Likewise...had an issue with my order, didnt have to deal with tedious resolution procedures etc..these guys are awesome and put the service in customer service


----------



## Tana (Apr 28, 2015)

One of THE BEST company based in US for us flashoholics, DIY'ers and Avg Joes just looking for a good light... they are super-fast to ship, have accurate stock at all time... but where they shine is Customer Service !!!

A prime example of how to properly run a business, it's easy to see that this is both business and pleasure to those guys... keep it up, guys...


----------



## recDNA (Apr 28, 2015)

The best.


----------



## thburns (Aug 23, 2015)

One of my favorite dealers as well. I buy all of my Keeppowers exclusively through them.


----------



## Illum (Sep 3, 2015)

Was my fav until they eliminated USPS first class...


----------



## Chauncey Gardiner (Sep 4, 2015)

I purchased a Sportac triple from Illum. Supply. It died after about 20 minutes of use. Problem was it took months for those 20 minutes of use to occur. It was an emergency backup light for my oldest son, so it wasn't used much if at all. I contacted Craig and told him I knew it was long past warranty. He paid the shipping for it to make the trip to China and back. Then he mailed it to me. Sportac wouldn't pay any of the costs. Craig does this every couple of months, all out-of-pocket, as above and beyond customer service. :thumbsup:

~ Chance


----------



## sidecross (Sep 4, 2015)

I bought 16 Keeppower 18650 3400mAh batteries from Illumination Supply and they provided excellent service; they are even close to where I live. I always try to buy locally.


----------



## SubLGT (Sep 5, 2015)

No cheers for Illumination Supply from me. I contacted them via email 5 days ago for a return authorization on a defective flashlight. I waited 3 days for a reply, and received none. The only response was a robot email, promising a reply to my inquiry within 3 business days. That promise was not kept. I contacted them again (through the contact form on their website), and received another robot email, but no email from a person. Very annoying.

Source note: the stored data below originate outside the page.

(* Once q^K <= (1 - q)/2, the Weierstrass bound keeps every partial product of
   (c q^K; q)_oo above 1/2. *)
Lemma qinf_real_neq0 (c q : R) : 0 <= q < 1 -> 0 <= c < 1 -> qinf (RtoC c) q <> RtoC 0.
Proof.
  intros Hq Hc.
  destruct (pow_lt_1_zero q ltac:(rewrite Rabs_pos_eq; lra) ((1 - q) / 2) ltac:(lra)) as [K HK].
  specialize (HK K (le_n K)). rewrite Rabs_pos_eq in HK by (apply pow_le; lra).
  set (d := c * q ^ K).
  assert (Hd : 0 <= d <= (1 - q) / 2).
  { assert (0 <= q ^ K) by (apply pow_le; lra). unfold d. split; nra. }
  rewrite (qinf_split _ (RtoC d) q K Hq) by apply RtoC_mult.
  apply Cmult_neq_0; intros E.
  - apply (f_equal fst) in E. pose proof (qpoch_real_pos c q K Hq Hc). simpl in E. lra.
  - destruct (is_lim_seq_qpoch_qinf (RtoC d) q Hq) as [Hlim _]. rewrite E in Hlim.
    assert (Hhalf : forall m, 1 / 2 <= fst (qpoch (RtoC d) q m)).
    { intros m. eapply Rle_trans; [|apply qpoch_real_weierstrass; lra].
      assert (0 <= q ^ m) by (apply pow_le; lra).
      assert (d * (1 - q ^ m) / (1 - q) <= 1 / 2).
      { apply (Rmult_le_reg_r (1 - q)); [lra|].
        replace (d * (1 - q ^ m) / (1 - q) * (1 - q)) with (d * (1 - q ^ m)) by (field; lra).
        nra. }
      lra. }
    pose proof (is_lim_seq_le (fun _ => 1 / 2) _ (1 / 2) 0 Hhalf (is_lim_seq_const _) Hlim).
    simpl in *. lra.
Qed.

Lemma RtoC_neq_0 (x : R) : x <> 0 -> RtoC x <> RtoC 0.
Proof. intros Hx E. apply Hx. now injection E. Qed.

Lemma powerRZ_1 (x : R) : powerRZ x 1 = x.
Proof. simpl. ring. Qed.

Section QPochhammer.

Local Open Scope C_scope.

Lemma qpoch_S_head (a d : C) (q : R) (m : nat) :
  d = a * RtoC q -> qpoch a q (S m) = (1 - a) * qpoch d q m.
Proof.
  intros ->. change (S m) with (1 + m)%nat. rewrite qpoch_add. simpl.
  rewrite Rmult_1_r. ring.
Qed.

(* Reversing its factors gives (z q^{-m}; q)_m = (-z)^m q^{-m(m+1)/2} (q/z; q)_m;
   this is the quotient of that identity for z = c y and z = y. *)
Lemma qpoch_reflect (c y : C) (q : R) (m : nat) : RtoC q <> 0 -> c <> 0 -> y <> 0 ->
  qpoch (c * y / RtoC q ^ m) q m * qpoch (RtoC q / y) q m
  = c ^ m * qpoch (y / RtoC q ^ m) q m * qpoch (RtoC q / (c * y)) q m.
Proof.
  intros Hq Hc Hy. induction m as [|m IH]; [simpl; ring|].
  assert (Hqm := Cpow_nz _ m Hq).
  rewrite (qpoch_S_head (c * y / RtoC q ^ S m) (c * y / RtoC q ^ m)),
    (qpoch_S_head (y / RtoC q ^ S m) (y / RtoC q ^ m)) by (rewrite Cpow_S; field; auto).
  simpl qpoch. rewrite RtoC_pow, !Cpow_S.
  transitivity ((1 - c * y / (RtoC q * RtoC q ^ m)) * (1 - RtoC q / y * RtoC q ^ m)
                * (qpoch (c * y / RtoC q ^ m) q m * qpoch (RtoC q / y) q m)); [ring|].
  rewrite IH. field. auto.
Qed.

End QPochhammer.

Section Factors.

Local Open Scope C_scope.

Variables (q t : R).
Hypothesis Hq : (0 < q < 1)%R.
Local Notation Q := (RtoC q).
Local Notation T := (RtoC t).

Lemma qinf_offdiag_ratio (r : C) (a b : nat) : t <> 0%R -> r <> 0 -> r <> 1 ->
  qinf (/ Q ^ b * r) q <> 0 -> qinf (Q / T * r) q <> 0 ->
  qinf (T * Q ^ a * r) q <> 0 -> qinf (Q * Q ^ a / Q ^ b * r) q <> 0 ->
  qpoch (Q * r) q a <> 0 -> qpoch (Q / r) q b <> 0 ->
  qinf (Q ^ a / Q ^ b * r) q * qinf (Q / Q ^ b / T * r) q * qinf (T * r) q
    * qinf (Q * Q ^ a * r) q
  / (qinf (/ Q ^ b * r) q * qinf (Q / T * r) q * qinf (T * Q ^ a * r) q
    * qinf (Q * Q ^ a / Q ^ b * r) q) * T ^ b
  = (Q ^ b - Q ^ a * r) / (1 - r)
    * (qpoch (T * r) q a / qpoch (Q * r) q a * (qpoch (T / r) q b / qpoch (Q / r) q b)).
Proof.
  intros Ht Hr Hr1 HD1 HD2 HD3 HD4 HA HB.
  assert (Hq1 : (0 <= q < 1)%R) by lra.
  assert (HQ : Q <> 0) by (apply RtoC_neq_0; lra).
  assert (HT : T <> 0) by (apply RtoC_neq_0; lra).
  assert (HQb := Cpow_nz Q b HQ). assert (HTb := Cpow_nz T b HT).
  (* Split each infinite product down to its partner across the fraction bar. *)
  rewrite (qinf_split (Q ^ a / Q ^ b * r) (Q * Q ^ a / Q ^ b * r) q 1 Hq1)
    by (rewrite RtoC_pow; field; auto).
  rewrite (qinf_split (Q / Q ^ b / T * r) (Q / T * r) q b Hq1)
    by (rewrite RtoC_pow; field; auto).
  rewrite (qinf_split (T * r) (T * Q ^ a * r) q a Hq1) by (rewrite RtoC_pow; ring).
  rewrite (qinf_split (/ Q ^ b * r) (Q * Q ^ a * r) q (b + S a) Hq1) in HD1 |- *
    by (rewrite RtoC_pow, Cpow_add_r, Cpow_S; field; auto).
  rewrite qpoch_add in HD1 |- *.
  replace (/ Q ^ b * r * RtoC (q ^ b)) with r in HD1 |- * by (rewrite RtoC_pow; field; auto).
  rewrite (qpoch_S_head r (Q * r)) in HD1 |- * by ring.
  assert (HQT : Q / T <> 0).
  { intros E. apply HQ. replace Q with (Q / T * T) by (field; auto). rewrite E. ring. }
  assert (Hrefl := qpoch_reflect (Q / T) r q b HQ HQT Hr).
  replace (Q / T * r / Q ^ b) with (Q / Q ^ b / T * r) in Hrefl by (field; auto).
  replace (Q / (Q / T * r)) with (T / r) in Hrefl by (field; auto).
  replace (r / Q ^ b) with (/ Q ^ b * r) in Hrefl by (field; auto).
  assert (HY : qpoch (/ Q ^ b * r) q b <> 0) by (intros E; apply HD1; rewrite E; ring).
  assert (HN : qinf (Q * Q ^ a * r) q <> 0) by (intros E; apply HD1; rewrite E; ring).
  assert (Hr1' : 1 - r <> 0) by (intros E; apply Hr1; rewrite <- (Cplus_0_l r), <- E; ring).
  replace (qpoch (Q / Q ^ b / T * r) q b)
    with ((Q / T) ^ b * qpoch (/ Q ^ b * r) q b * qpoch (T / r) q b / qpoch (Q / r) q b)
    by (rewrite <- Hrefl; field; auto).
  replace ((Q / T) ^ b) with (Q ^ b / T ^ b)
    by (unfold Cdiv; rewrite Cpow_mult_l, Cpow_inv by exact HT; reflexivity).
  simpl qpoch.
  field. repeat split; auto.
Qed.

Lemma qinf_diag_ratio (a : nat) : (0 < t < 1)%R -> qpoch Q q a <> 0 ->
  qinf T q * qinf (RtoC (q ^ (a + 1))) q / (qinf (RtoC (t * q ^ a)) q * qinf Q q)
  = qpoch T q a / qpoch Q q a.
Proof.
  intros Ht HA.
  assert (Hq1 : (0 <= q < 1)%R) by lra.
  pose proof (pow_unit_interval q a ltac:(lra)).
  assert (HN : qinf (RtoC (t * q ^ a)) q <> 0) by (apply qinf_real_neq0; [lra | nra]).
  assert (HD : qinf (RtoC (q ^ (a + 1))) q <> 0)
    by (apply qinf_real_neq0; [lra | rewrite pow_add; simpl; nra]).
  rewrite (qinf_split T (RtoC (t * q ^ a)) q a Hq1) by apply RtoC_mult.
  rewrite (qinf_split Q (RtoC (q ^ (a + 1))) q a Hq1)
    by (rewrite <- RtoC_mult, pow_add; f_equal; simpl; ring).
  field. auto.
Qed.

End Factors.

Definition h_diag (q t : R) (k a : nat) : C :=
  Cdiv (Cmult (RtoC (t ^ (k * a)))
              (Cmult (qinf (RtoC t) q) (qinf (RtoC (q ^ (a + 1))) q)))
       (Cmult (qinf (RtoC (t * q ^ a)) q) (qinf (RtoC q) q)).

Definition h_offdiag (q t : R) (xi xj : C) (a b : nat) : C :=
  let r := Cdiv xi xj in
  let ei := Z.of_nat a in let ej := Z.of_nat b in
  Cdiv
    (Cmult (Cmult (Cmult
       (qinf (Cmult (qZ q (ei - ej)) r) q)
       (qinf (Cmult (RtoC (powerRZ q (1 - ej) / t)) r) q))
       (qinf (Cmult (RtoC t) r) q))
       (qinf (Cmult (qZ q (1 + ei)) r) q))
    (Cmult (Cmult (Cmult
       (qinf (Cmult (qZ q (- ej)) r) q)
       (qinf (Cmult (RtoC (q / t)) r) q))
       (qinf (Cmult (RtoC (t * q ^ a)) r) q))
       (qinf (Cmult (qZ q (1 + ei - ej)) r) q)).

Section Assembly.

Local Open Scope C_scope.

Lemma prodC_mult (f g : nat -> C) (n : nat) :
  prodC (fun k => f k * g k) n = prodC f n * prodC g n.
Proof. induction n as [|n IH]; simpl; [ring | rewrite IH; ring]. Qed.

Lemma prodC_ext (f g : nat -> C) (n : nat) :
  (forall k, (k < n)%nat -> f k = g k) -> prodC f n = prodC g n.
Proof.
  induction n as [|n IH]; intros Hfg; simpl; [reflexivity|].
  rewrite IH by (intros; apply Hfg; lia). rewrite Hfg by lia. reflexivity.
Qed.

Lemma prodC_square (G : nat -> nat -> C) (n : nat) :
  prodC (fun i => prodC (fun j => G i j) n) n =
  prodC (fun j => G j j * prodC (fun i => G i j * G j i) j) n.
Proof.
  induction n as [|n IH]; [reflexivity|].
  change (prodC (fun i => prodC (fun j => G i j) n * G i n) n
          * (prodC (fun j => G n j) n * G n n)
          = prodC (fun j => G j j * prodC (fun i => G i j * G j i) j) n
          * (G n n * prodC (fun i => G i n * G n i) n)).
  rewrite <- IH, !prodC_mult. change (prodC (G n) n) with (prodC (fun j => G n j) n). ring.
Qed.

Lemma prodC_regroup_pairs (n : nat) (D T : nat -> C) (F V G : nat -> nat -> C) :
  (forall j, (j < n)%nat -> D j = prodC (fun _ => T j) j * G j j) ->
  (forall i j, (i < j < n)%nat -> F i j * T j = V i j * (G i j * G j i)) ->
  prodC D n * prodC (fun j => prodC (fun i => F i j) j) n
  = prodC (fun j => prodC (fun i => V i j) j) n * prodC (fun i => prodC (fun j => G i j) n) n.
Proof.
  intros HD HF. rewrite prodC_square, (prodC_ext _ _ n HD), <- !prodC_mult.
  apply prodC_ext. intros j Hj.
  transitivity (G j j * prodC (fun i => F i j * T j) j); [rewrite prodC_mult; ring|].
  rewrite (prodC_ext _ (fun i => V i j * (G i j * G j i)) j) by (intros; apply HF; lia).
  rewrite prodC_mult. ring.
Qed.

Lemma RtoC_pow_mul_prodC (c : R) (k a : nat) :
  RtoC (c ^ (k * a)) = prodC (fun _ => RtoC (c ^ a)) k.
Proof.
  induction k as [|k IH]; [reflexivity|].
  simpl prodC. rewrite <- IH, <- RtoC_mult, <- pow_add. do 2 f_equal. lia.
Qed.

Lemma h_diag_closed (q t : R) (k a : nat) : (0 < q < 1)%R -> (0 < t < 1)%R ->
  qpoch (RtoC q) q a <> 0 ->
  h_diag q t k a = prodC (fun _ => RtoC (t ^ a)) k * (qpoch (RtoC t) q a / qpoch (RtoC q) q a).
Proof.
  intros Hq Ht HA. unfold h_diag.
  rewrite <- RtoC_pow_mul_prodC, <- qinf_diag_ratio by assumption.
  unfold Cdiv. ring.
Qed.

Lemma h_offdiag_closed (q t : R) (xi xj : C) (a b : nat) :
  (0 < q < 1)%R -> t <> 0%R -> xi <> 0 -> xj <> 0 -> xi <> xj ->
  qinf (Cmult (qZ q (- Z.of_nat b)) (Cdiv xi xj)) q <> 0 ->
  qinf (Cmult (RtoC (q / t)) (Cdiv xi xj)) q <> 0 ->
  qinf (Cmult (RtoC (t * q ^ a)) (Cdiv xi xj)) q <> 0 ->
  qinf (Cmult (qZ q (1 + Z.of_nat a - Z.of_nat b)) (Cdiv xi xj)) q <> 0 ->
  qpoch (Cmult (RtoC q) (Cdiv xi xj)) q a <> 0 ->
  qpoch (Cmult (RtoC q) (Cdiv xj xi)) q b <> 0 ->
  h_offdiag q t xi xj a b * RtoC (t ^ b)
  = Cdiv (Cminus (Cmult (RtoC (q ^ b)) xj) (Cmult (RtoC (q ^ a)) xi)) (Cminus xj xi)
    * (Cdiv (qpoch (Cmult (RtoC t) (Cdiv xi xj)) q a)
            (qpoch (Cmult (RtoC q) (Cdiv xi xj)) q a)
       * Cdiv (qpoch (Cmult (RtoC t) (Cdiv xj xi)) q b)
              (qpoch (Cmult (RtoC q) (Cdiv xj xi)) q b)).
Proof.
  intros Hq Ht Hi Hj Hij HD1 HD2 HD3 HD4 HA HB.
  assert (Hqb := pow_nonzero q b ltac:(lra)).
  unfold h_offdiag, qZ in *. cbv zeta. unfold Z.sub in *.
  rewrite !powerRZ_add, !powerRZ_neg', <- !pow_powerRZ, !powerRZ_1 in * by lra.
  rewrite !RtoC_div, !RtoC_mult, !RtoC_inv, !RtoC_pow in * by auto.
  assert (Hr1 : xi / xj <> 1).
  { intros E. apply Hij. replace xi with (xi / xj * xj) by (field; auto). rewrite E. ring. }
  assert (Hji : xj - xi <> 0).
  { intros E. apply Hij. rewrite <- (Cplus_0_l xi), <- E. ring. }
  replace (xj / xi) with (/ (xi / xj)) in * by (field; auto).
  replace ((RtoC q ^ b * xj - RtoC q ^ a * xi) / (xj - xi))
    with ((RtoC q ^ b - RtoC q ^ a * (xi / xj)) / (1 - xi / xj)).
  - apply qinf_offdiag_ratio; auto. intros E. apply Hi.
    replace xi with (xi / xj * xj) by (field; auto). rewrite E. ring.
  - field. repeat split; auto.
Qed.

End Assembly.

Theorem proposition3p8 (n : nat) (q t : R) (x : nat -> C) (eta : nat -> nat) :
  0 < q < 1 -> 0 < t < 1 ->
  (forall i, (i < n)%nat -> x i <> RtoC 0) ->
  (forall i j, (i < j < n)%nat -> x i <> x j) ->
  (* the infinite-product denominators of h_eta are nonzero *)
  (forall i j, (i < j < n)%nat ->
     let r := Cdiv (x i) (x j) in
     let ei := Z.of_nat (eta i) in let ej := Z.of_nat (eta j) in
     qinf (Cmult (qZ q (- ej)) r) q <> RtoC 0 /\
     qinf (Cmult (RtoC (q / t)) r) q <> RtoC 0 /\
     qinf (Cmult (RtoC (t * q ^ eta i)) r) q <> RtoC 0 /\
     qinf (Cmult (qZ q (1 + ei - ej)) r) q <> RtoC 0) ->
  (* the finite-product denominators of the closed form are nonzero *)
  (forall i j, (i < n)%nat -> (j < n)%nat ->
     qpoch (Cmult (RtoC q) (Cdiv (x i) (x j))) q (eta i) <> RtoC 0) ->
  h_eta n x q t eta = h_eta_closed n x q t eta.
Proof.
  intros Hq Ht Hx Hxy Hinf Hfin.
  change (h_eta n x q t eta) with
    (Cmult (prodC (fun i => h_diag q t i (eta i)) n)
       (prodC (fun j => prodC (fun i => h_offdiag q t (x i) (x j) (eta i) (eta j)) j) n)).
  unfold h_eta_closed.
  apply prodC_regroup_pairs with (T := fun j => RtoC (t ^ eta j)).
  - intros j Hj. specialize (Hfin j j Hj Hj).
    replace (Cdiv (x j) (x j)) with (RtoC 1) in * by (field; auto).
    rewrite !Cmult_1_r in *. now apply h_diag_closed.
  - intros i j Hij. destruct (Hinf i j Hij) as (H1 & H2 & H3 & H4).
    apply h_offdiag_closed; auto; try lra; (apply Hx || apply Hfin); lia.
Qed.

I have had 10X faster and easier flashlight return experiences at brightguy.com and amazon.com than I am having with illumn.com.


----------



## Tecboy (Sep 5, 2015)

SubLGT said:


> No cheers for Illumination Supply from me. I contacted them via email 5 days ago for a return authorization on a defective flashlight. I waited 3 days for a reply, and received none. The only response was a robot email, promising a reply to my inquiry within 3 business days. That promise was not kept. I contacted them again (through the contact form on their website), and received another robot email, but no email from a person. Very annoying.
> 
> I have had 10X faster and easier flashlight return experiences at brightguy.com and amazon.com than I am having with illumn.com.



The Illumination Supply has moved to the new location recently and reorganizing their store. I sent them email, and they take a little while for them to response. However, I stopped by their store, and they provided me a good service.


----------



## sidecross (Sep 5, 2015)

SubLGT said:


> No cheers for Illumination Supply from me. I contacted them via email 5 days ago for a return authorization on a defective flashlight. I waited 3 days for a reply, and received none. The only response was a robot email, promising a reply to my inquiry within 3 business days. That promise was not kept. I contacted them again (through the contact form on their website), and received another robot email, but no email from a person. Very annoying.
> 
> I have had 10X faster and easier flashlight return experiences at brightguy.com and amazon.com than I am having with illumn.com.



I have purchase from brightguy.com too and they were an excellent supplier for me too.


----------



## GearHunter (Nov 13, 2015)

I've nothing good to say about them ( I know I know ...then don't say anything...) I've ordered from them twice;

1st time ordered an HDS 170N executive clickie, got a rotary sent back for a refund. 

2nd time ( 6 weeks later) ordered an HDS 170N executive clickie , got an invalid tracking # then after 3 days trying to get ahold of them I get an email telling me they sold my light to a walk in customer and didn't have one to sell me!

Both of these lights were to be given as gifts....they will not get another chance to screw me.


----------



## peter yetman (Nov 13, 2015)

I have only had good experiences with Illumn. Very fast shipping to the Uk, and fast responses to my Emails.
I recently asked how fast they could get me a Malkoff MD2 head, as they were showing out of stock. Craig very kindly took one off an MD2 body and sent it to me. It was with me in 7 days.
Outstanding service, and supply of items I cannot possibly find in the UK.
More power to their elbows.
Peter


----------



## peter yetman (Dec 8, 2015)

...........


----------